» GIVEN DATA
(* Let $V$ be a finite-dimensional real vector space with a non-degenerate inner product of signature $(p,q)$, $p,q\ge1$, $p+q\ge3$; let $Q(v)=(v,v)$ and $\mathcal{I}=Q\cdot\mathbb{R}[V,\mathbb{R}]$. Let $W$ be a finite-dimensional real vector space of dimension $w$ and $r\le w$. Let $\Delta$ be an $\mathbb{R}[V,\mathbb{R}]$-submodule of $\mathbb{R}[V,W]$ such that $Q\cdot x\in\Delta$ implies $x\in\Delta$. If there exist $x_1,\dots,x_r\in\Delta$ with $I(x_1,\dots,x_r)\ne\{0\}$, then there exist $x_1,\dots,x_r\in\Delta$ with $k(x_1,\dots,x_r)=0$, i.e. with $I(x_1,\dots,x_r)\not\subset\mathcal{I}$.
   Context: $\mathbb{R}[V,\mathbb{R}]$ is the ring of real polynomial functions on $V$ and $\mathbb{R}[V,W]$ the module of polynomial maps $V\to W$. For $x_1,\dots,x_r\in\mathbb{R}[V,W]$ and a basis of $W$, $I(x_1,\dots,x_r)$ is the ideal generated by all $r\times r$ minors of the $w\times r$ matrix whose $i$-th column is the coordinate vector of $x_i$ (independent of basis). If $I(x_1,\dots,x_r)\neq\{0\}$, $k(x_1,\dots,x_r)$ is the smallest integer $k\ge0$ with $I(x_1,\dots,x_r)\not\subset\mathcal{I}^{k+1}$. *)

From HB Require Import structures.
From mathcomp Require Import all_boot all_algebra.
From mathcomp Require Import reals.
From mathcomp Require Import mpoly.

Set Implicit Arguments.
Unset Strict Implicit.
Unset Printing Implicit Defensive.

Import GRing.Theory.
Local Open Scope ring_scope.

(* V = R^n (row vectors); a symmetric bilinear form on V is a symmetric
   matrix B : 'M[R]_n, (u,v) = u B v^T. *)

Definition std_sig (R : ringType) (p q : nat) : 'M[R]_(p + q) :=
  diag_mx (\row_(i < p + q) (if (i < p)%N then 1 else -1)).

» EXERCISE
Everything starting at the line containing "From HB Require Import structures." and ending at the line containing "Local Open Scope ring_scope." in the records above should be repeated exactly, and only that.

» WRITTEN SOLUTION
From HB Require Import structures.
From mathcomp Require Import all_boot all_algebra.
From mathcomp Require Import reals.
From mathcomp Require Import mpoly.

Set Implicit Arguments.
Unset Strict Implicit.
Unset Printing Implicit Defensive.

Import GRing.Theory.
Local Open Scope ring_scope.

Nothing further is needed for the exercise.